-- EXERCISE PROMPT --
What you produce should be every line from the data that includes "adjmxZ".

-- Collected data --
┄┄┄┄┄┄

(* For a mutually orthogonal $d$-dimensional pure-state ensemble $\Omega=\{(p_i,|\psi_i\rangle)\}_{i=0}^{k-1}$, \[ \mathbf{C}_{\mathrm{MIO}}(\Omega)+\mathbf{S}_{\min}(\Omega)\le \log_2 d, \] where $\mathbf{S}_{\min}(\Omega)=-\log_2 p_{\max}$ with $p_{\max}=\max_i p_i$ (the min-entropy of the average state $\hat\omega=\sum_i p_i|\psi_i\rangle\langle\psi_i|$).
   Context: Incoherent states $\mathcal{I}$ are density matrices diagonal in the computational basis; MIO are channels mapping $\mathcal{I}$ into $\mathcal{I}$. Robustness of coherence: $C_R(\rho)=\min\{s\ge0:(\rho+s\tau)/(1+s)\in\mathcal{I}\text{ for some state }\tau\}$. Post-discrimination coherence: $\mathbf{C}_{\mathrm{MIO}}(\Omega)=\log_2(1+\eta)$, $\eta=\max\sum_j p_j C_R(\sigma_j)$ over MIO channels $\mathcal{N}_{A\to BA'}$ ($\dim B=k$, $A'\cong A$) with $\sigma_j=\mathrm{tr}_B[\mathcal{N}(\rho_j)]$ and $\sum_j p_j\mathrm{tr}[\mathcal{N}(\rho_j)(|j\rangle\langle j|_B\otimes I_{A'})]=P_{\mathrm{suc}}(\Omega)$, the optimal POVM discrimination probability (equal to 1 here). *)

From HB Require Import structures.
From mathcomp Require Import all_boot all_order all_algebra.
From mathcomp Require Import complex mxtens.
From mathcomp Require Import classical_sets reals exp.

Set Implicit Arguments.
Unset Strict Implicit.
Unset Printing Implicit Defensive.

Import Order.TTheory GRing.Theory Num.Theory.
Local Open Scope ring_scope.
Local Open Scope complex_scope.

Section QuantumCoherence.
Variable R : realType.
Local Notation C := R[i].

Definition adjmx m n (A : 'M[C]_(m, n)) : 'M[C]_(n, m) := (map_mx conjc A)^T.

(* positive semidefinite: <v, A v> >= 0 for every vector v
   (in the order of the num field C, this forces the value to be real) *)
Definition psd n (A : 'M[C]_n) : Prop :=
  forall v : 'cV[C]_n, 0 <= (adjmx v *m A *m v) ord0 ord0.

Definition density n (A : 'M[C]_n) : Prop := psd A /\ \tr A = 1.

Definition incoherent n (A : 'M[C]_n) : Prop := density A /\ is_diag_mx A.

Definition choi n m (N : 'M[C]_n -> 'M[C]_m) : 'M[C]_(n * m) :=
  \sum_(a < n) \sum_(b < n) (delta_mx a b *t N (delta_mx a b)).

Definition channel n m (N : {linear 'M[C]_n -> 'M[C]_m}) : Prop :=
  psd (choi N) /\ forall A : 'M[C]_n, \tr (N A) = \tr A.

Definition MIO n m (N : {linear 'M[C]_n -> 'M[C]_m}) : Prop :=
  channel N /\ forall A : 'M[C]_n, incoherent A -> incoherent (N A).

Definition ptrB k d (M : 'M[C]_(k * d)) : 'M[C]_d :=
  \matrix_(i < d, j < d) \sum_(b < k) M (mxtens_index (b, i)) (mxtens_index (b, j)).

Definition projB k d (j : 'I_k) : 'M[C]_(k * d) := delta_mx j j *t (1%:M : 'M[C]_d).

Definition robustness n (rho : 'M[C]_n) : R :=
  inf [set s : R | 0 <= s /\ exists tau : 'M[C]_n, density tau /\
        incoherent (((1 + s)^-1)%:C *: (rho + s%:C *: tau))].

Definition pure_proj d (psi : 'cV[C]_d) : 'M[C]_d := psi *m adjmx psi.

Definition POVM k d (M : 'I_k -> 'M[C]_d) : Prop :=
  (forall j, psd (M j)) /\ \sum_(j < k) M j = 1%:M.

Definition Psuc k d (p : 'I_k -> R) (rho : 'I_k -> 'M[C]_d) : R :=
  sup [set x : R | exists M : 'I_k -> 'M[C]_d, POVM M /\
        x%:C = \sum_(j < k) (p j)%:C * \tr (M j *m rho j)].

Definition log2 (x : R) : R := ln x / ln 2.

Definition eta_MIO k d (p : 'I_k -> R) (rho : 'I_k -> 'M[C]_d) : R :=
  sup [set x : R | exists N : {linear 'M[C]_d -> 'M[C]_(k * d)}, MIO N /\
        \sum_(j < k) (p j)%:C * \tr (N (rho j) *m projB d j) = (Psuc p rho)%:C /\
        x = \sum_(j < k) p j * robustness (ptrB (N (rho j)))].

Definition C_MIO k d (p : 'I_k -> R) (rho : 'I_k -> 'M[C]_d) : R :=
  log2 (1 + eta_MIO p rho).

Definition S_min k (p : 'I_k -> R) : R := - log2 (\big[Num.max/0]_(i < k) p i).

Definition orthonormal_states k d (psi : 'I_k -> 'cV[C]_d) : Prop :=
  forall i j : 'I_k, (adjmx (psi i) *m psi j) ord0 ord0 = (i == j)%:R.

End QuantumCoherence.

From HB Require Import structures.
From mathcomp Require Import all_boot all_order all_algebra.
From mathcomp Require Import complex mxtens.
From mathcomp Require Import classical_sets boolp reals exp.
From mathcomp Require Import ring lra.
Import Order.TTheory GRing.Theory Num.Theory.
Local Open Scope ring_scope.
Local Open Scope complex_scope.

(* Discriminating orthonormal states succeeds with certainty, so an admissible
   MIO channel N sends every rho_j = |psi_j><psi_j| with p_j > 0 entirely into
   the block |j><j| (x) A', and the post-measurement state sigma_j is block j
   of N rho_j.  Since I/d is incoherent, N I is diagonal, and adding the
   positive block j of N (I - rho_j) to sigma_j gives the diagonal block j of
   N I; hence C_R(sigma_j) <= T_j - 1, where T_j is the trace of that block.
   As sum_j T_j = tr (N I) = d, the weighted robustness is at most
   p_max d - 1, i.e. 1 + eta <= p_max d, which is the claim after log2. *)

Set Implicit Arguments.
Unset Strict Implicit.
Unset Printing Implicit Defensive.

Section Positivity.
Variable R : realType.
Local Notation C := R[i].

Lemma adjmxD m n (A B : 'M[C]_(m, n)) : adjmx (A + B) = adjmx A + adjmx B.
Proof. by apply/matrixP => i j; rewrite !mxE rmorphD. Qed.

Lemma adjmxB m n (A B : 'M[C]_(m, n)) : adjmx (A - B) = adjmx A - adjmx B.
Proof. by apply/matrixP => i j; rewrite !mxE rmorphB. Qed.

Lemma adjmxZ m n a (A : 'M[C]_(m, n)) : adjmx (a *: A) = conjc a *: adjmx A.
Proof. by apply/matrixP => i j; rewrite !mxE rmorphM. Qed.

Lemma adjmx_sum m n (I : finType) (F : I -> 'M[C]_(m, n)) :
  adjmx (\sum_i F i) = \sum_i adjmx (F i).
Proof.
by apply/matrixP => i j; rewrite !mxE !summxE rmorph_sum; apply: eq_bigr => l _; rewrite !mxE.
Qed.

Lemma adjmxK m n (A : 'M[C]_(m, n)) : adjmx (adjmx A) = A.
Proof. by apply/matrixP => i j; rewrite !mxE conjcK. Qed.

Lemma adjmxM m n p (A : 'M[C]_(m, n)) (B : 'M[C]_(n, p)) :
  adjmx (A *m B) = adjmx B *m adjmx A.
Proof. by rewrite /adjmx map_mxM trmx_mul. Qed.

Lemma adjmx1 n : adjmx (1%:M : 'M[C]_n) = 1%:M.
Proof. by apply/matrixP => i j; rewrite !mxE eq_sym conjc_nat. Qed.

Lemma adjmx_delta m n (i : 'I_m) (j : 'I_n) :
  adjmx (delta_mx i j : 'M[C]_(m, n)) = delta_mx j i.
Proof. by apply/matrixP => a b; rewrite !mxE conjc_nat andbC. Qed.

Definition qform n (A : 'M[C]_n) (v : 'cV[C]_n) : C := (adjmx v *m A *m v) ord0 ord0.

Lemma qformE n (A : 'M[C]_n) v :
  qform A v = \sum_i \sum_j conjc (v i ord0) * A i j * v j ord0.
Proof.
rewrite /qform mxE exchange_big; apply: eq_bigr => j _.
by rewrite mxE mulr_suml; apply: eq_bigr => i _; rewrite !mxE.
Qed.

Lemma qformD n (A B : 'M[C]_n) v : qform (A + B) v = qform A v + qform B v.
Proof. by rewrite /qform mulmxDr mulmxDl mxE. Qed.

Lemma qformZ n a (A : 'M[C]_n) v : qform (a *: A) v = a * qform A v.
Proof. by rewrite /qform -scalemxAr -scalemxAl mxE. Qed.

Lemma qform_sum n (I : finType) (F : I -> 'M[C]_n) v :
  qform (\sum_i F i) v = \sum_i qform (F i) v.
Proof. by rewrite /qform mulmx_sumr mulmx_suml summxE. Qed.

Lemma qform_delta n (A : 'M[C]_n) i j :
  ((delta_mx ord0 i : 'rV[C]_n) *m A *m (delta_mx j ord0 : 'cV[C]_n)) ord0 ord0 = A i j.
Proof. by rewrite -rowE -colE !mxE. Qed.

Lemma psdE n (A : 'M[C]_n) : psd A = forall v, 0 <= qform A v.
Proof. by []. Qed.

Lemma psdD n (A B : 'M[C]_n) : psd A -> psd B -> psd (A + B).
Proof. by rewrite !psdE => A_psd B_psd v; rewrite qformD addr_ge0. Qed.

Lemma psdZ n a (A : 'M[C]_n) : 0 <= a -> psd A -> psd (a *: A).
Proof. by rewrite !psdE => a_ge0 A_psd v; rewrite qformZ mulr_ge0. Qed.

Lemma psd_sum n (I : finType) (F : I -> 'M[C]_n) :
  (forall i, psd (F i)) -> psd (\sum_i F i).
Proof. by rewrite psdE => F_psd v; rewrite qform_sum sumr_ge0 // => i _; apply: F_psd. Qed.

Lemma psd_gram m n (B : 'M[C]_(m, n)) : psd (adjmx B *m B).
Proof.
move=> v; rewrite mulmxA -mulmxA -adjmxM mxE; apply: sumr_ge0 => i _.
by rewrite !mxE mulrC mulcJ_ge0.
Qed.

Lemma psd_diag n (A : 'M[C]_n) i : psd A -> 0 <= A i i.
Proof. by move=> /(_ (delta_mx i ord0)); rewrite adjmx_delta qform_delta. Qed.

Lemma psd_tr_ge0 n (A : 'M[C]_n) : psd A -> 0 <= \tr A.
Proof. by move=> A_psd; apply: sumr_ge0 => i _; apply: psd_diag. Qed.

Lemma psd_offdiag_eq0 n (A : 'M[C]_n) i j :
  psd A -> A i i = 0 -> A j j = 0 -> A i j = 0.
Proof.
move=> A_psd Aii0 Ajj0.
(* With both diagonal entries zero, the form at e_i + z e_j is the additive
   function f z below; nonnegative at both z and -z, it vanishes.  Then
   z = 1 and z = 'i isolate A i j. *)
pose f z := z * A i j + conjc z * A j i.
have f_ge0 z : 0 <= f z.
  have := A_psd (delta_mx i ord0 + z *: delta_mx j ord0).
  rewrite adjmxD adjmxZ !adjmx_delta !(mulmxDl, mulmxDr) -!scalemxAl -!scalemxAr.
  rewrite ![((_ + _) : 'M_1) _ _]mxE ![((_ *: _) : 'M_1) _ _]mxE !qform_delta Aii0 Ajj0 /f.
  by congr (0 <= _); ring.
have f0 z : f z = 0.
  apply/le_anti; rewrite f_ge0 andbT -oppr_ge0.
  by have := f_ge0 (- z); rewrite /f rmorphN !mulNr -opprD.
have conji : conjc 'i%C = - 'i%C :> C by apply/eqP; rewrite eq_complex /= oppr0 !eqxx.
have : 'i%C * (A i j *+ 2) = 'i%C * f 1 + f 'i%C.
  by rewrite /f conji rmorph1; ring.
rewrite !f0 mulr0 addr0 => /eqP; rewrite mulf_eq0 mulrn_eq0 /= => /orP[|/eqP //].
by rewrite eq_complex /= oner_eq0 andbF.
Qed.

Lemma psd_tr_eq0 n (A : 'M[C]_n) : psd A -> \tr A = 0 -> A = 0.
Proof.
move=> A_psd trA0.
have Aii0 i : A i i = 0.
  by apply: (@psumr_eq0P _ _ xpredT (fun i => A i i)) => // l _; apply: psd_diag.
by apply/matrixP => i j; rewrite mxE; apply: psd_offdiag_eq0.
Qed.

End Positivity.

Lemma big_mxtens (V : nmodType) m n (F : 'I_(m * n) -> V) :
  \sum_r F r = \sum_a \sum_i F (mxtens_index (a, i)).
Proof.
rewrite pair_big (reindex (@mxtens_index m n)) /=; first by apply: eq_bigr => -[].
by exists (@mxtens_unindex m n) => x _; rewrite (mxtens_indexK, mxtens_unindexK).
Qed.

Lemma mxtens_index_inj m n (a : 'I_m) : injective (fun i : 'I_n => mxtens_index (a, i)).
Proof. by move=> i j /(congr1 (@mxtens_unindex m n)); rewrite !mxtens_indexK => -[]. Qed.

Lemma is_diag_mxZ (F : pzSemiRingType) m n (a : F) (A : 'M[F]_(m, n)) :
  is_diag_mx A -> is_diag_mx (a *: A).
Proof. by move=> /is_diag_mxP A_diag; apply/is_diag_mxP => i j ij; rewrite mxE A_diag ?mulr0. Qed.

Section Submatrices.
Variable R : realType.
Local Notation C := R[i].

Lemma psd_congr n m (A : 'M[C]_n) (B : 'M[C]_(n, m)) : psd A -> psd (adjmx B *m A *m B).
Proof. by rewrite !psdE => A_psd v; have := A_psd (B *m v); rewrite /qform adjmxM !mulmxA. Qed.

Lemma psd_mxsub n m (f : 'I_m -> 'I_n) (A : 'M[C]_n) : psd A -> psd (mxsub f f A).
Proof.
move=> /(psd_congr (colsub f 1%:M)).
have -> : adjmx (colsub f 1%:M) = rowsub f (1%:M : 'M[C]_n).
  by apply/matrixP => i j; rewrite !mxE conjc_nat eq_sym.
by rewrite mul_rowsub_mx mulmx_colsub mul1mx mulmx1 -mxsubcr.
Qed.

┄┄┄┄┄┄

-- SOLUTION FOR THIS PROBLEM --
Lemma adjmxZ m n a (A : 'M[C]_(m, n)) : adjmx (a *: A) = conjc a *: adjmx A.
  rewrite adjmxD adjmxZ !adjmx_delta !(mulmxDl, mulmxDr) -!scalemxAl -!scalemxAr.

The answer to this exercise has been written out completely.